25 October 2006

Revising "Hansel and Gretel" Over Time

"Hansel and Gretel" has always been a story of infanticide. Not just the witch fattening up Hansel before eating him, but also the children's parents trying to get them lost in the woods because the family doesn't have enough food for everyone.

But infanticide has become increasingly distasteful in our culture. (And, I hasten to add, this is a Good Thing.) That has made the traditional opening of "Hansel and Gretel" increasingly awkward.

Earlier this month I read a paper on stepfamilies in the early American republic by Prof. Lisa Wilson of Connecticut College which started by citing how even the Grimm brothers revised "Hansel and Gretel" to make it more palatable. UPitt professor D. L. Ashliman's webpage on the story shows the significant difference between the first and final editions.

The 1812 version, based on an 1810 manuscript:

The two children were still awake from hunger and heard everything that the mother had said to the father.
The 1857 version:
The two children had not been able to fall asleep because of their hunger, and they heard what the stepmother had said to the father.
By turning the "mother" into a "stepmother" (a change that first appeared in the 1840 printing, Ashliman reports), the Grimms offered an acceptable explanation of that woman's wish to abandon the children: they were never her biological children to begin with.

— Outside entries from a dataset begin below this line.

(* Let $(A,B,C,D)\in\mathcal{M}_k^j(\rho)$. Then $C_p,D_p\neq 0$ for all $p=1,2$. In particular, $$\left\{\Omega_j\omega_r\::\:r=\tfrac{j}{2},j,k-\tfrac{j}{2}-1,k-1\right\}\subset\mathrm{Eval}(G),$$ with $C_1\in\mathrm{Evec}(G,\Omega_j\omega_{\frac{j}{2}})$, $C_2\in\mathrm{Evec}(G,\Omega_j\omega_j)$, $D_1\in\mathrm{Ecovec}(G,\Omega_j\omega_{k-\frac{j}{2}-1})$, $D_2\in\mathrm{Ecovec}(G,\Omega_j\omega_{k-1})$.
   Context: Non-singular monad matrices are $(A,B,C,D)$ with $A\in GL(k,\mathbb{C})$, $B\in Mat_{k\times k}(\mathbb{C})$, $C\in Mat_{k\times 2}(\mathbb{C})$, $D\in Mat_{2\times k}(\mathbb{C})$, satisfying $[A,B]+CD=0$ and the full-rank conditions, considered up to $(A,B,C,D)\sim(hAh^{-1},hBh^{-1},hC,Dh^{-1})$; $C_p$ is the $p$-th column of $C$ and $D_p$ the $p$-th row of $D$. Fix $j\in\mathbb{Z}_{2k}$ even and $\omega\in(-\pi,\pi)$. $\mathcal{M}_k^j(\rho)$ is the set of such matrices for which there is $g\in GL(k,\mathbb{C})$ with $e^{\imath\frac{j\pi}{k}}A=gAg^{-1}$, $e^{\imath\frac{\pi}{k}}B=g(B-C_1D_1A^{-1})g^{-1}$, $e^{\imath\frac{\pi}{2k}}e^{\imath\frac{j\pi}{4k}}C_1=e^{\imath\omega}gC_2$, $e^{\imath\frac{\pi}{2k}}e^{\imath\frac{3j\pi}{4k}}C_2=e^{-\imath\omega}gAC_1$, $e^{\imath\frac{\pi}{2k}}e^{\imath\frac{3j\pi}{4k}}D_1=e^{-\imath\omega}D_2g^{-1}$, $e^{\imath\frac{\pi}{2k}}e^{\imath\frac{j\pi}{4k}}D_2=e^{\imath\omega}D_1A^{-1}g^{-1}$ (invariance under $\rho(C_{2k}^{j,\omega})$). Then with $G=e^{-\imath\frac{j\pi}{2k}}g^2A$ one has $e^{\imath\frac{2j\pi}{k}}A=GAG^{-1}$, $e^{\imath\frac{2\pi}{k}}B=GBG^{-1}$, $e^{\imath\frac{\pi}{k}}C=GC\,\mathrm{adj}(\sigma_{2j\pi/k})$, $e^{\imath\frac{\pi}{k}}D=\sigma_{2j\pi/k}DG^{-1}$, where $\sigma_\varphi=\mathrm{diag}(e^{-\imath\frac{3\varphi}{4}},e^{-\imath\frac{\varphi}{4}})$, $\mathrm{adj}(\sigma)=\det(\sigma)\sigma^{-1}$. Notation: $\Omega_j=e^{\imath\frac{(2-j)\pi}{2k}}$, $\omega_r=e^{\imath\frac{2\pi r}{k}}$ (indices mod $k$); $\mathrm{Evec}(G,\lambda)$ is the $\lambda$-eigenspace of $G$ and $\mathrm{Ecovec}(G,\lambda)$ the space of row vectors $v$ with $vG=\lambda v$. *)

From HB Require Import structures.
From mathcomp Require Import all_boot all_order all_algebra.
From mathcomp Require Import reals trigo.
From mathcomp Require Import complex.
Unset Printing Implicit Defensive.
Import Order.TTheory GRing.Theory Num.Theory.
Local Open Scope ring_scope.

Definition expi {R : realType} (t : R) : R[i] := Complex (cos t) (sin t).

Definition Omega {R : realType} (k j : nat) : R[i] :=
  expi ((2%:R - j%:R) * pi / (2 * k%:R)).

Definition omega {R : realType} (k r : nat) : R[i] :=
  expi (2 * pi * r%:R / k%:R).

(* Non-singular monad matrices: A invertible, [A,B] + CD = 0, and the
   full-rank conditions: for all (x,y) in C^2, alpha = (A - x; B - y; D) is
   injective and beta = (-(B - y), A - x, C) is surjective. *)
Definition monad_nonsingular {R : realType} (k : nat)
  (A B : 'M[R[i]]_k) (C : 'M[R[i]]_(k, 2)) (D : 'M[R[i]]_(2, k)) : Prop :=
  [/\ A \in unitmx,
      A *m B - B *m A + C *m D = 0,
      (forall x y : R[i],
         \rank (col_mx (A - x%:M) (col_mx (B - y%:M) D)) = k) &
      (forall x y : R[i],
         \rank (row_mx (- (B - y%:M)) (row_mx (A - x%:M) C)) = k)].

(* C_p, D_p (p = 1, 2 corresponds to indices 0, 1) *)
Definition Ccol {R : realType} (k : nat) (C : 'M[R[i]]_(k, 2)) (p : 'I_2) : 'cV[R[i]]_k :=
  col p C.
Definition Drow {R : realType} (k : nat) (D : 'M[R[i]]_(2, k)) (p : 'I_2) : 'rV[R[i]]_k :=
  row p D.

(* invariance under rho(C_{2k}^{j,omega}) witnessed by g *)
Definition rho_invariant_by {R : realType} (k j : nat) (w : R)
  (A B : 'M[R[i]]_k) (C : 'M[R[i]]_(k, 2)) (D : 'M[R[i]]_(2, k))
  (g : 'M[R[i]]_k) : Prop :=
  let C1 := col 0 C in let C2 := col 1 C in
  let D1 := row 0 D in let D2 := row 1 D in
  let ginv := invmx g in
  let e (t : R) := expi (t * pi / k%:R) in
  [/\ g \in unitmx,
      e (j%:R) *: A = g *m A *m ginv &
      e 1 *: B = g *m (B - C1 *m D1 *m invmx A) *m ginv] /\
  [/\ e (1 / 2) * e (j%:R / 4) *: C1 = expi w *: (g *m C2),
      e (1 / 2) * e (3 * j%:R / 4) *: C2 = expi (- w) *: (g *m A *m C1),
      e (1 / 2) * e (3 * j%:R / 4) *: D1 = expi (- w) *: (D2 *m ginv) &
      e (1 / 2) * e (j%:R / 4) *: D2 = expi w *: (D1 *m invmx A *m ginv)].

Definition in_Mkj {R : realType} (k j : nat) (w : R)
  (A B : 'M[R[i]]_k) (C : 'M[R[i]]_(k, 2)) (D : 'M[R[i]]_(2, k)) : Prop :=
  monad_nonsingular k A B C D /\ exists g, rho_invariant_by k j w A B C D g.

Definition Gmat {R : realType} (k j : nat) (A g : 'M[R[i]]_k) : 'M[R[i]]_k :=
  expi (- (j%:R * pi / (2 * k%:R))) *: (g *m g *m A).

Definition in_Evec {R : realType} (k : nat) (G : 'M[R[i]]_k) (l : R[i]) (v : 'cV[R[i]]_k) :=
  G *m v = l *: v.
Definition in_Ecovec {R : realType} (k : nat) (G : 'M[R[i]]_k) (l : R[i]) (v : 'rV[R[i]]_k) :=
  v *m G = l *: v.
Definition in_Eval {R : realType} (k : nat) (G : 'M[R[i]]_k) (l : R[i]) :=
  exists2 v : 'cV[R[i]]_k, v != 0 & G *m v = l *: v.

(* The invariance under rho(C_2k^{j,w}) says that g A sends C_1 to a multiple
   of C_2, g sends C_2 back to a multiple of C_1 (dually for the rows D_1, D_2),
   and g A = e^{i j pi/k} A g.  Hence C_1, C_2 are eigenvectors and D_1, D_2 left
   eigenvectors of g^2 A, the eigenvalues being products of the phases, and the
   two columns (resp. rows) vanish together.  Nonsingularity excludes C = 0:
   otherwise A and B commute, and a common left eigenvector of A and B is killed
   by the surjective map beta (x, y); dually it excludes D = 0.  Left eigenvalues
   are eigenvalues, which gives the points of Eval(G). *)

From HB Require Import structures.
From mathcomp Require Import all_boot all_order all_algebra.
From mathcomp Require Import reals trigo complex.
From mathcomp.algebra_tactics Require Import ring.
Import Order.TTheory GRing.Theory Num.Theory.
Local Open Scope ring_scope.

Section ComplexExponential.
Context {R : realType}.
Implicit Types x y : R.

Lemma expiD x y : expi x * expi y = expi (x + y).
Proof.
rewrite /expi cosD sinD; apply/eqP; rewrite eq_complex /=.
by apply/andP; split; apply/eqP; ring.
Qed.

Lemma expi0 : expi 0 = 1 :> R[i].
Proof. by rewrite /expi cos0 sin0. Qed.

Lemma expi_neq0 x : expi x != 0.
Proof.
apply/negP => /eqP ex0; have := expiD x (- x).
by rewrite ex0 mul0r subrr expi0 => /eqP; rewrite eq_sym oner_eq0.
Qed.

Lemma expiN x : expi (- x) = (expi x)^-1.
Proof. by apply: (mulfI (expi_neq0 x)); rewrite expiD subrr expi0 mulfV ?expi_neq0. Qed.

Lemma expi_shift2pi x y : x = y + 2 * pi -> expi x = expi y.
Proof. by move=> ->; rewrite -expiD /expi mulr_natl cos2pi sin2pi mulr1. Qed.

End ComplexExponential.

Lemma eigenvalue_tr {F : fieldType} {n} (M : 'M[F]_n) a :
  eigenvalue M^T a = eigenvalue M a.
Proof.
rewrite /eigenvalue /eigenspace !kermx_eq0 /row_free -mxrank_tr.
by rewrite linearB /= trmxK tr_scalar_mx.
Qed.

Lemma eigenvalue_colP {F : fieldType} {n} (M : 'M[F]_n) a :
  reflect (exists2 v : 'cV_n, v != 0 & M *m v = a *: v) (eigenvalue M a).
Proof.
rewrite -eigenvalue_tr; apply: (iffP eigenvalueP) => -[v].
- by move=> vM v0; exists v^T; rewrite ?trmx_eq0 // -[M]trmxK -trmx_mul vM linearZ.
- by move=> v0 Mv; exists v^T; rewrite ?trmx_eq0 // -trmx_mul Mv linearZ.
Qed.

Lemma row2_eq0 {F : fieldType} {n} (D : 'M[F]_(2, n)) :
  (D == 0) = (row 0 D == 0) && (row 1 D == 0).
Proof.
apply/eqP/andP => [-> | [/eqP D0 /eqP D1]]; first by rewrite !row0.
apply/row_matrixP => i; rewrite row0.
by case: i => -[|[|//]] i2; [rewrite -D0 | rewrite -D1]; congr row; apply: val_inj.
Qed.

Lemma col2_eq0 {F : fieldType} {n} (C : 'M[F]_(n, 2)) :
  (C == 0) = (col 0 C == 0) && (col 1 C == 0).
Proof. by rewrite -trmx_eq0 row2_eq0 -!tr_col !trmx_eq0. Qed.

Lemma common_left_eigenvector {F : numClosedFieldType} {n} {A B : 'M[F]_n} :
  (0 < n)%N -> A *m B = B *m A ->
  exists x y (v : 'rV_n), [/\ v != 0, v *m (A - x%:M) = 0 & v *m (B - y%:M) = 0].
Proof.
move=> n_gt0 AB; have [v v0 /andP[/sub_rVP[x vA] /sub_rVP[y vB]]] :=
  common_eigenvector2 n_gt0 AB.
by exists x, y, v; rewrite !mulmxBr !mul_mx_scalar vA vB !subrr.
Qed.

Section NonsingularMonad.
Context {R : realType} {k : nat} {A B : 'M[R[i]]_k}.
Context {C : 'M[R[i]]_(k, 2)} {D : 'M[R[i]]_(2, k)}.
Hypotheses (k_gt0 : (0 < k)%N) (nsAB : monad_nonsingular k A B C D).

Lemma monad_C_neq0 : C != 0.
Proof.
case: nsAB => _ commAB _ beta_rk; apply/eqP => C0.
have AB : A *m B = B *m A.
  by apply/eqP; rewrite -subr_eq0 -commAB C0 mul0mx addr0.
have [x [y [v [v0 vA vB]]]] := common_left_eigenvector k_gt0 AB.
have beta_free : row_free (row_mx (- (B - y%:M)) (row_mx (A - x%:M) C)).
  by rewrite /row_free beta_rk.
move: (mulmx_free_eq0 v beta_free).
by rewrite !mul_mx_row mulmxN vA vB C0 mulmx0 oppr0 !row_mx0 eqxx (negbTE v0).
Qed.

Lemma monad_D_neq0 : D != 0.
Proof.
case: nsAB => _ commAB alpha_rk _; apply/eqP => D0.
have AB : A^T *m B^T = B^T *m A^T.
  rewrite -!trmx_mul; congr trmx; apply/eqP.
  by rewrite eq_sym -subr_eq0 -commAB D0 mulmx0 addr0.
have [x [y [v [v0 vA vB]]]] := common_left_eigenvector k_gt0 AB.
have alpha_free : row_free (col_mx (A - x%:M) (col_mx (B - y%:M) D))^T.
  by rewrite /row_free mxrank_tr alpha_rk.
move: (mulmx_free_eq0 v alpha_free).
rewrite !tr_col_mx !mul_mx_row !(linearB trmx) /= !tr_scalar_mx vA vB D0 trmx0.
by rewrite mulmx0 !row_mx0 eqxx (negbTE v0).
Qed.

End NonsingularMonad.

Section TwistedEigenvectors.
Context {F : fieldType} {k : nat} {A g : 'M[F]_k}.
Context {C1 C2 : 'cV[F]_k} {D1 D2 : 'rV[F]_k} {a b c : F}.
Hypotheses (gA : g *m A = c *: (A *m g)).
Hypotheses (gAC1 : g *m A *m C1 = a *: C2) (gC2 : g *m C2 = b *: C1).
Hypotheses (D2E : D2 = a *: (D1 *m g)) (D1E : D1 = b *: (D2 *m g *m A)).

Lemma twisted_eigenvector_C1 {d l : F} :
  l = d * (a * b) -> (d *: (g *m g *m A)) *m C1 = l *: C1.
Proof.
move=> ->; rewrite -scalemxAl -(mulmxA g g A) -(mulmxA g) gAC1 -scalemxAr gC2.
by rewrite !scalerA mulrA.
Qed.

Lemma twisted_eigenvector_C2 {d l : F} :
  l = d * (c * (a * b)) -> (d *: (g *m g *m A)) *m C2 = l *: C2.
Proof.
move=> ->; rewrite -scalemxAl -(mulmxA g g A) gA -scalemxAr -scalemxAl.
rewrite (mulmxA g A g) -(mulmxA (g *m A)) gC2 -scalemxAr gAC1 !scalerA.
by congr (_ *: _); ring.
Qed.

Lemma twisted_eigencovector_D1 {d l : F} :
  l * (a * b) = d -> D1 *m (d *: (g *m g *m A)) = l *: D1.
Proof.
move=> <-; rewrite [in RHS]D1E D2E -!scalemxAl -!scalemxAr !scalerA !mulmxA.
by congr (_ *: _); ring.
Qed.

Lemma twisted_eigencovector_D2 {d l : F} : a * b != 0 ->
  l * (a * b) = d * c -> D2 *m (d *: (g *m g *m A)) = l *: D2.
Proof.
move=> ab0 ldc; apply: (scalerI ab0).
have abD2 : (a * b) *: (D2 *m (g *m g *m A)) = c *: D2.
  rewrite -(mulmxA g g A) gA -scalemxAr -scalemxAr (mulmxA g A g) !mulmxA.
  by rewrite scalerA mulrC -scalerA -scalerA scalemxAl -D1E -D2E.
rewrite -scalemxAr scalerA (mulrC _ d) -(scalerA d (a * b)) abD2 !scalerA -ldc.
by congr (_ *: _); ring.
Qed.

Lemma twisted_C1_eq0 : a != 0 -> b != 0 -> (C1 == 0) = (C2 == 0).
Proof.
move=> a0 b0; apply/eqP/eqP => [C10 | C20].
- by move: gAC1; rewrite C10 mulmx0 => /esym/eqP; rewrite scaler_eq0 (negbTE a0) => /eqP.
- by move: gC2; rewrite C20 mulmx0 => /esym/eqP; rewrite scaler_eq0 (negbTE b0) => /eqP.
Qed.

Lemma twisted_D1_eq0 : (D1 == 0) = (D2 == 0).
Proof.
apply/eqP/eqP => [D10 | D20]; [rewrite D2E D10 | rewrite D1E D20].
all: by rewrite !mul0mx scaler0.
Qed.

End TwistedEigenvectors.

Definition rho_phase {R : realType} (k : nat) (t : R) : R[i] := expi (t * pi / k%:R).

Definition rho_alpha {R : realType} (k j : nat) (w : R) : R[i] :=
  expi w * (rho_phase k (1 / 2) * rho_phase k (3 * j%:R / 4)).

Definition rho_beta {R : realType} (k j : nat) (w : R) : R[i] :=
  expi (- w) * (rho_phase k (1 / 2) * rho_phase k (j%:R / 4)).

Lemma rho_invariant_relations {R : realType} {k j : nat} {w : R} {A B C D g} :
  A \in unitmx -> rho_invariant_by k j w A B C D g ->
  [/\ g *m A = rho_phase k j%:R *: (A *m g),
      g *m A *m col 0 C = rho_alpha k j w *: col 1 C,
      g *m col 1 C = rho_beta k j w *: col 0 C,
      row 1 D = rho_alpha k j w *: (row 0 D *m g) &
      row 0 D = rho_beta k j w *: (row 1 D *m g *m A)].
Proof.
move=> Au [[gu hA _] [h1 h2 h3 h4]]; have ew := expi_neq0 w.
rewrite /rho_alpha /rho_beta /rho_phase -!(scalerA (expi w)) -!(scalerA (expi (- w))).
split.
- by rewrite scalemxAl hA -mulmxA mulVmx // mulmx1.
- by rewrite h2 expiN scalerKV.
- by rewrite h1 expiN scalerK.
- by rewrite scalemxAl h3 expiN -scalemxAl scalerKV // -mulmxA mulVmx // mulmx1.
- rewrite !scalemxAl h4 expiN -!scalemxAl scalerK //.
  by rewrite -(mulmxA _ (invmx g)) mulVmx // mulmx1 -mulmxA mulVmx // mulmx1.
Qed.

Section Phases.
Context {R : realType} {k j : nat} (w : R).
Hypotheses (k_gt0 : (0 < k)%N) (jk : (j < 2 * k)%N) (j_even : ~~ odd j).

Let k_neq0 : k%:R != 0 :> R.
Proof. by rewrite pnatr_eq0 -lt0n. Qed.

Lemma rho_alpha_beta :
  rho_alpha k j w * rho_beta k j w = expi ((1 + j%:R) * pi / k%:R).
Proof. by rewrite /rho_alpha /rho_beta /rho_phase !expiD; congr expi; field. Qed.

Lemma Gmat_eigenphases :
  let d := expi (- (j%:R * pi / (2 * k%:R))) in
  let ab := rho_alpha k j w * rho_beta k j w in
  [/\ Omega k j * omega k j./2 = d * ab,
      Omega k j * omega k j = d * (rho_phase k j%:R * ab),
      Omega k j * omega k (k - j./2 - 1) * ab = d &
      Omega k j * omega k (k - 1) * ab = d * rho_phase k j%:R].
Proof.
have jE : j = (j./2).*2 by rewrite -[LHS]odd_double_half (negbTE j_even).
have hk_gt : (j./2 < k)%N by move: jk; rewrite {1}jE -mul2n ltn_pmul2l.
have j2 : j%:R = 2 * (j./2)%:R :> R by rewrite {1}jE -mul2n natrM.
have hk : (k - j./2 - 1)%:R = k%:R - (j./2)%:R - 1 :> R.
  by rewrite !natrB ?subn_gt0 // ltnW.
have hk1 : (k - 1)%:R = k%:R - 1 :> R by rewrite natrB.
rewrite rho_alpha_beta /Omega /omega /rho_phase !expiD; split.
- by congr expi; rewrite j2; field.
- by congr expi; field.
- by apply: expi_shift2pi; rewrite hk j2; field.
- by apply: expi_shift2pi; rewrite hk1; field.
Qed.

End Phases.

Theorem mainTheorem8 (R : realType) (k j : nat) (w : R)
  (A B : 'M[R[i]]_k) (C : 'M[R[i]]_(k, 2)) (D : 'M[R[i]]_(2, k)) (g : 'M[R[i]]_k) :
  (0 < k)%N -> (j < 2 * k)%N -> ~~ odd j ->
  - pi < w < pi ->
  monad_nonsingular k A B C D ->
  rho_invariant_by k j w A B C D g ->
  let G := Gmat k j A g in
  [/\ col 0 C != 0, col 1 C != 0, row 0 D != 0 & row 1 D != 0] /\
  ([/\ in_Eval k G (Omega k j * omega k j./2),
          in_Eval k G (Omega k j * omega k j),
          in_Eval k G (Omega k j * omega k (k - j./2 - 1)) &
          in_Eval k G (Omega k j * omega k (k - 1))] /\
   [/\ in_Evec k G (Omega k j * omega k j./2) (col 0 C),
          in_Evec k G (Omega k j * omega k j) (col 1 C),
          in_Ecovec k G (Omega k j * omega k (k - j./2 - 1)) (row 0 D) &
          in_Ecovec k G (Omega k j * omega k (k - 1)) (row 1 D)]).
Proof.
move=> k_gt0 jk j_even _ nsAB inv G.
have Au : A \in unitmx by case: nsAB.
have [gA gAC1 gC2 D2E D1E] := rho_invariant_relations Au inv.
have [a0 b0] : rho_alpha k j w != 0 /\ rho_beta k j w != 0.
  by rewrite !mulf_neq0 ?expi_neq0.
have [l1 l2 l3 l4] := Gmat_eigenphases w k_gt0 jk j_even.
have eqC := twisted_C1_eq0 gAC1 gC2 a0 b0.
have eqD := twisted_D1_eq0 D2E D1E.
have nC1 : col 0 C != 0 by move: (monad_C_neq0 k_gt0 nsAB); rewrite col2_eq0 -eqC andbb.
have nD1 : row 0 D != 0 by move: (monad_D_neq0 k_gt0 nsAB); rewrite row2_eq0 -eqD andbb.
have nC2 : col 1 C != 0 by rewrite -eqC.
have nD2 : row 1 D != 0 by rewrite -eqD.
have EC1 := twisted_eigenvector_C1 gAC1 gC2 l1.
have EC2 := twisted_eigenvector_C2 gA gAC1 gC2 l2.
have ED1 := twisted_eigencovector_D1 D2E D1E l3.
have ED2 := twisted_eigencovector_D2 gA D2E D1E (mulf_neq0 a0 b0) l4.
split; first by split.
split; last by split.
split.
- by exists (col 0 C).
- by exists (col 1 C).
- by apply/eigenvalue_colP/eigenvalueP; exists (row 0 D).
- by apply/eigenvalue_colP/eigenvalueP; exists (row 1 D).
Qed.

A new picture book called Hansel and Diesel, by David Gordon, makes a further revision. This change may have appeared in other recent retellings as well, but I don't recall having seen it. (And did I mention that in Gordon's book all the characters are trucks?)
Hansel and Diesel were hungry. Fuel was getting low.

"We're running out of gas," said their father.

"I don't know how we'll make it through the winter," their mother agreed.

Hansel and Diesel were listening from their room.

"I think we should go out to look for some fuel," said Diesel.
Gordon thus has the children themselves take the initiative (and blame) for going out into the woods. That lets the parents come along afterward and help their children escape from the witch character, with no hint of parental infanticide of any kind. The only bad guy in this story is a stranger from outside the family.

This change also turns the Hansel and Gretel characters from mere victims at the outset into the story's drivers [!]. Again, that reflects our modern tastes in story structure.

(Over all, however, Hansel and Diesel didn't please me. It left out most of the parts of "Hansel and Gretel" in which the kids think their way out of problems. Everything is instead resolved through force. But perhaps that's how trucks always work.)